▶ BRIEF: How does the data below read from its first line through the line containing "From mathcomp Require Import all_boot."? Print those lines exactly.

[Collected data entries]
_____
(* For every $v\equiv 0\pmod 4$ with $v\geq 12$ there exists a connected symmetric configuration $v_3$ with strong chromatic number exactly 5.
   Context: A symmetric configuration $v_3$ consists of a set of $v$ points and a collection of $v$ blocks, each block being a 3-element subset of the points, such that every point lies in exactly 3 blocks and any two distinct points lie in at most one common block; it is connected if it is not the union of two configurations on disjoint nonempty point sets. A strong colouring is an assignment of colours to points such that the three points of every block receive three distinct colours; the strong chromatic number is the minimum number of colours in a strong colouring. *)

From mathcomp Require Import all_boot.
Set Implicit Arguments. Unset Strict Implicit. Unset Printing Implicit Defensive.

Definition sym_config3 (v : nat) (B : 'I_v -> {set 'I_v}) : Prop :=
  (forall b, #|B b| = 3) /\
  (forall p : 'I_v, #|[set b | p \in B b]| = 3) /\
  (forall p q : 'I_v, p != q -> #|[set b | (p \in B b) && (q \in B b)]| <= 1).

(* Connected: not the union of two configurations on disjoint nonempty
   point sets, i.e. there is no partition of the points into two nonempty
   parts P, ~: P such that every block lies entirely inside one part. *)
Definition config_connected (v : nat) (B : 'I_v -> {set 'I_v}) : Prop :=
  ~ exists P : {set 'I_v},
      [/\ P != set0, ~: P != set0 &
          forall b, (B b \subset P) \/ (B b \subset ~: P)].

Definition strong_colouring (v k : nat) (B : 'I_v -> {set 'I_v})
    (c : 'I_v -> 'I_k) : Prop :=
  forall b, {in B b &, injective c}.

Definition strong_colourable (v k : nat) (B : 'I_v -> {set 'I_v}) : Prop :=
  exists c : 'I_v -> 'I_k, strong_colouring B c.

Definition strong_chromatic_number_eq (v : nat) (B : 'I_v -> {set 'I_v})
    (n : nat) : Prop :=
  strong_colourable n B /\ (forall k, k < n -> ~ strong_colourable k B).

From mathcomp Require Import all_boot zify.
Set Implicit Arguments. Unset Strict Implicit. Unset Printing Implicit Defensive.

(* Its
   blocks are indexed by 0 <= b < v: for b >= 7 block b is the cyclic
   translate {b, b+1, b+3} (mod v) of the difference set {0,1,3}; the seven
   cyclic blocks with b < 7 are traded for seven "exceptional" blocks on the
   points 0..9, through each point as many as the cyclic blocks replaced.
   - The axioms of a configuration are checked on natural numbers: the
     blocks through a point are listed explicitly (the dual table), and two
     blocks sharing two points coincide.  These are finite case analyses
     combined with linear arithmetic for the cyclic part.
   - Connectedness: the cyclic blocks chain the points 7, 8, ..., v-1
     together, and every point below 7 lies on a block with one of them.
   - Strong chromatic number 5: an explicit colouring (residue mod 4 away
     from the exceptional points) gives the upper bound; the points 2..6 are
     pairwise collinear, and a set of pairwise collinear points needs
     pairwise distinct colours, which gives the lower bound. *)

Definition collinear (v : nat) (B : 'I_v -> {set 'I_v}) : rel 'I_v :=
  fun x y => [exists b, (x \in B b) && (y \in B b)].

Lemma card_ord_set_of_seq v (s : seq nat) :
  uniq s -> all (fun x => x < v) s -> #|[set x : 'I_v | val x \in s]| = size s.
Proof.
move=> s_uniq s_lt.
have -> : [set x : 'I_v | val x \in s] = [set x in pmap insub s].
  by apply/setP => x; rewrite !inE mem_pmap_sub.
rewrite cardsE.
have /card_uniqP -> : uniq (pmap (insub : nat -> option 'I_v) s).
  exact: pmap_sub_uniq.
by rewrite size_pmap_sub; apply/eqP; rewrite -all_count.
Qed.

(* A strong colouring is injective on any set of pairwise collinear points,
   so such a set bounds the number of colours from below. *)
Lemma clique_lower_bound v k (B : 'I_v -> {set 'I_v}) (S : {set 'I_v}) :
  {in S &, forall x y, x != y -> collinear B x y} ->
  strong_colourable k B -> #|S| <= k.
Proof.
move=> S_clique [c c_strong]; rewrite -[k]card_ord.
apply: (@leq_card_in _ _ c) => x y x_in y_in same_colour.
case: (eqVneq x y) => // /(S_clique x y x_in y_in) /existsP[b /andP[xb yb]].
exact: c_strong xb yb same_colour.
Qed.

(* A configuration is connected as soon as every point can be reached from
   one fixed point through a chain of collinear points: a block never
   crosses a splitting of the points, so neither does such a chain. *)
Lemma connected_of_root v (B : 'I_v -> {set 'I_v}) :
  (exists x0, forall x, connect (collinear B) x0 x) -> config_connected B.
Proof.
move=> [x0 reach] [P [/set0Pn[x xP] /set0Pn[y yPc] B_split]].
have P_closed : closed (collinear B) P.
  move=> p q /existsP[b /andP[pb qb]].
  case: (B_split b) => /subsetP B_sub; first by rewrite (B_sub p pb) (B_sub q qb).
  by move: (B_sub p pb) (B_sub q qb); rewrite !inE => /negbTE-> /negbTE->.
move: yPc; rewrite inE -(closed_connect P_closed (reach y)).
by rewrite (closed_connect P_closed (reach x)) xP.
Qed.

Definition shift (v x k : nat) : nat := if x + k < v then x + k else x + k - v.

Definition exceptional_block (b : nat) : seq nat :=
  nth [::] [:: [:: 8; 4; 3]; [:: 9; 6; 4]; [:: 5; 3; 1]; [:: 5; 4; 2];
               [:: 0; 7; 1]; [:: 2; 6; 3]; [:: 5; 6; 7]] b.

Definition block (v b : nat) : seq nat :=
  if b < 7 then exceptional_block b else [:: b; shift v b 1; shift v b 3].

Definition blocks_through (v p : nat) : seq nat :=
  if p < 10 then
    nth [::] [:: [:: 4; v - 3; v - 1]; [:: 2; 4; v - 2]; [:: 3; 5; v - 1];
                 [:: 0; 2; 5]; [:: 0; 1; 3]; [:: 2; 3; 6]; [:: 1; 5; 6];
                 [:: 4; 6; 7]; [:: 0; 7; 8]; [:: 1; 8; 9]] p
  else [:: p - 3; p - 1; p].

(* A colouring with 5 colours: the residue mod 4 except on 0..4, where the
   exceptional blocks force other choices and colour 4 is used. *)
Definition colour (p : nat) : nat :=
  if p == 0 then 4 else if p == 1 then 0 else if p == 2 then 0 else
  if p == 3 then 3 else if p == 4 then 4 else p %% 4.

Definition proper_triple (v : nat) (s : seq nat) : bool :=
  [&& uniq s, all (fun x => x < v) s & size s == 3].

Ltac revert_about x := repeat match goal with H : context[x] |- _ => revert H end.
Ltac cases_below7 x :=
  revert_about x; case: x => [|[|[|[|[|[|[|x]]]]]]]; intros; [..|exfalso; lia].
Ltac cases_below10 x :=
  revert_about x; case: x => [|[|[|[|[|[|[|[|[|[|x]]]]]]]]]]; intros;
  [..|exfalso; lia].

Ltac split_arith :=
  repeat match goal with H : ?T |- _ =>
    match type of T with Prop => revert H end end;
  rewrite /shift ?in_cons ?in_nil /=; repeat (case: ifP => ?); intros; lia.

Section NatModel.

Variable v : nat.
Hypothesis v_ge12 : 12 <= v.

Lemma block_proper b : b < v -> proper_triple v (block v b).
Proof.
move=> b_lt; rewrite /proper_triple /block; case: (ltnP b 7) => b_small.
- by cases_below7 b; apply/and3P; split; split_arith.
- by apply/and3P; split; rewrite //= ?andbT; split_arith.
Qed.

Lemma blocks_through_proper p : p < v -> proper_triple v (blocks_through v p).
Proof.
move=> p_lt; rewrite /proper_triple /blocks_through.
case: (ltnP p 10) => p_small.
- by cases_below10 p; apply/and3P; split; rewrite //= ?andbT; split_arith.
- by apply/and3P; split; rewrite //= ?andbT; split_arith.
Qed.

Lemma mem_block_through p b : b < v -> p < v ->
  (p \in block v b) = (b \in blocks_through v p).
Proof.
move=> b_lt p_lt; rewrite /block /blocks_through.
case: (ltnP b 7) => b_small; case: (ltnP p 10) => p_small.
- by cases_below7 b; cases_below10 p; split_arith.
- by cases_below7 b; split_arith.
- by cases_below10 p; split_arith.
- by split_arith.
Qed.

Lemma block_unique b1 b2 p q : b1 < v -> b2 < v -> p < v -> q < v -> p != q ->
  p \in block v b1 -> q \in block v b1 -> p \in block v b2 -> q \in block v b2 ->
  b1 = b2.
Proof.
move=> b1_lt b2_lt p_lt q_lt; rewrite /block.
case: (ltnP b1 7) => b1_small; case: (ltnP b2 7) => b2_small.
- by cases_below7 b1; cases_below7 b2; split_arith.
- by cases_below7 b1; split_arith.
- by cases_below7 b2; split_arith.
- by split_arith.
Qed.

Lemma colour_block b p q : v %% 4 = 0 -> b < v -> p < v -> q < v ->
  p \in block v b -> q \in block v b -> colour p = colour q -> p = q.
Proof.
move=> v_mod4 b_lt p_lt q_lt; rewrite /block /colour.
case: (ltnP b 7) => b_small.
- by cases_below7 b; split_arith.
- by split_arith.
Qed.

Lemma block_consecutive m : 7 <= m -> m.+1 < v ->
  (m \in block v m) && (m.+1 \in block v m).
Proof. by move=> m_ge7 m_lt; rewrite /block ltnNge m_ge7 /=; split_arith. Qed.

End NatModel.

Lemma colour_lt5 p : colour p < 5.
Proof. by rewrite /colour; repeat case: ifP => _; lia. Qed.

Lemma exceptional_points_collinear x y : 2 <= x < 7 -> 2 <= y < 7 -> x != y ->
  exists2 b, b < 7 & (x \in exceptional_block b) && (y \in exceptional_block b).
Proof.
have all_pairs : all (fun x => all (fun y => (x == y) || has (fun b =>
    (x \in exceptional_block b) && (y \in exceptional_block b)) (iota 0 7))
    (iota 2 5)) (iota 2 5) by [].
move=> x_range y_range /negPf x_neq_y.
have x_in : x \in iota 2 5 by rewrite mem_iota; lia.
have y_in : y \in iota 2 5 by rewrite mem_iota; lia.
have := allP (allP all_pairs x x_in) y y_in.
by rewrite x_neq_y => /hasP[b]; rewrite mem_iota => b_lt7 xy_in_b; exists b.
Qed.

Section Configuration.

Variable v : nat.
Hypothesis v_ge12 : 12 <= v.

Definition config (b : 'I_v) : {set 'I_v} := [set p | val p \in block v b].

Lemma config_sym : sym_config3 config.
Proof.
have card_triple s : proper_triple v s -> #|[set x : 'I_v | val x \in s]| = 3.
  by case/and3P => s_uniq s_lt /eqP s_size; rewrite card_ord_set_of_seq.
split; [|split].
- by move=> b; apply: card_triple; apply: block_proper.
- move=> p; rewrite -(card_triple _ (blocks_through_proper v_ge12 (ltn_ord p))).
  by apply: eq_card => b; rewrite !inE (mem_block_through v_ge12) ?ltn_ord.
- move=> p q p_neq_q; apply/card_le1_eqP => b1 b2; rewrite !inE.
  move=> /andP[p_b1 q_b1] /andP[p_b2 q_b2]; apply: val_inj.
  by apply: (@block_unique v v_ge12 _ _ (val p) (val q)); rewrite ?ltn_ord.
Qed.

Let point (x : nat) : 'I_v :=
  insubd (Ordinal (leq_trans (isT : 1 <= 12) v_ge12)) x.

Let pointK x : x < v -> val (point x) = x.
Proof. by move=> x_lt; rewrite val_insubd x_lt. Qed.

Lemma config_reachable : exists x0, forall x, connect (collinear config) x0 x.
Proof.
pose e := collinear config.
have edge p q b : b < v -> p \in block v b -> q \in block v b ->
    connect e (point p) (point q).
  move=> b_lt p_in q_in; apply: connect1; apply/existsP; exists (Ordinal b_lt).
  have /and3P[_ /allP block_lt _] := block_proper v_ge12 b_lt.
  by rewrite !inE !pointK ?p_in ?q_in ?block_lt.
have chain k : 7 + k < v -> connect e (point 7) (point (7 + k)).
  elim: k => [|k IH] k_lt; first exact: connect0.
  have /andP[k_in k1_in] :=
    block_consecutive v_ge12 (leq_addr k 7) (k_lt : (7 + k).+1 < v).
  by apply: connect_trans (IH _) (edge _ _ _ _ k_in k1_in); lia.
have c78 : connect e (point 7) (point 8) by apply: (chain 1); lia.
have small p : p < 7 -> connect e (point 7) (point p).
  case: p => [|[|[|[|[|[|[|p]]]]]]] p_lt; last lia.
  - by apply: (edge 7 0 4) => //; lia.
  - by apply: (edge 7 1 4) => //; lia.
  - by apply: connect_trans (edge 7 5 6 _ _ _) (edge 5 2 3 _ _ _) => //; lia.
  - by apply: connect_trans c78 (edge 8 3 0 _ _ _) => //; lia.
  - by apply: connect_trans c78 (edge 8 4 0 _ _ _) => //; lia.
  - by apply: (edge 7 5 6) => //; lia.
  - by apply: (edge 7 6 6) => //; lia.
exists (point 7) => x.
have -> : x = point (val x) by apply: val_inj; rewrite pointK ?ltn_ord.
case: (ltnP (val x) 7) => [/small // | x_ge7].
by rewrite -(subnKC x_ge7); apply: chain; rewrite subnKC ?ltn_ord.
Qed.

Lemma config_colourable : v %% 4 = 0 -> strong_colourable 5 config.
Proof.
move=> v_mod4; exists (fun p => inord (colour (val p))) => b p q.
rewrite !inE => p_in q_in /(congr1 (@nat_of_ord _)).
rewrite !inordK ?colour_lt5 // => same_colour; apply: val_inj.
exact: (colour_block v_ge12 v_mod4 (ltn_ord b) (ltn_ord p) (ltn_ord q)).
Qed.

Lemma config_not_colourable k : k < 5 -> ~ strong_colourable k config.
Proof.
move=> k_lt5 k_colourable.
have S_card : #|[set x : 'I_v | val x \in iota 2 5]| = 5.
  rewrite card_ord_set_of_seq ?iota_uniq ?size_iota //.
  by apply/allP => x; rewrite mem_iota; lia.
suff : 5 <= k by lia.
rewrite -S_card; apply: clique_lower_bound k_colourable.
move=> x y; rewrite !in_set !mem_iota => x_range y_range x_neq_y.
have [b b_lt7 /andP[x_b y_b]] :=
  exceptional_points_collinear x_range y_range x_neq_y.
have b_lt : b < v by lia.
apply/existsP; exists (Ordinal b_lt).
by rewrite !inE /block b_lt7 x_b y_b.
Qed.

End Configuration.

Theorem mainTheorem19 (v : nat) :
  v %% 4 = 0 -> 12 <= v ->
  exists B : 'I_v -> {set 'I_v},
    [/\ sym_config3 B, config_connected B & strong_chromatic_number_eq B 5].
Proof.
move=> v_mod4 v_ge12; exists (@config v); split.
- exact: config_sym.
- exact/connected_of_root/config_reachable.
- split; [exact: config_colourable | exact: config_not_colourable].
Qed.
_____
▶ COMPLETED EXERCISE:
(* For every $v\equiv 0\pmod 4$ with $v\geq 12$ there exists a connected symmetric configuration $v_3$ with strong chromatic number exactly 5.
   Context: A symmetric configuration $v_3$ consists of a set of $v$ points and a collection of $v$ blocks, each block being a 3-element subset of the points, such that every point lies in exactly 3 blocks and any two distinct points lie in at most one common block; it is connected if it is not the union of two configurations on disjoint nonempty point sets. A strong colouring is an assignment of colours to points such that the three points of every block receive three distinct colours; the strong chromatic number is the minimum number of colours in a strong colouring. *)

From mathcomp Require Import all_boot.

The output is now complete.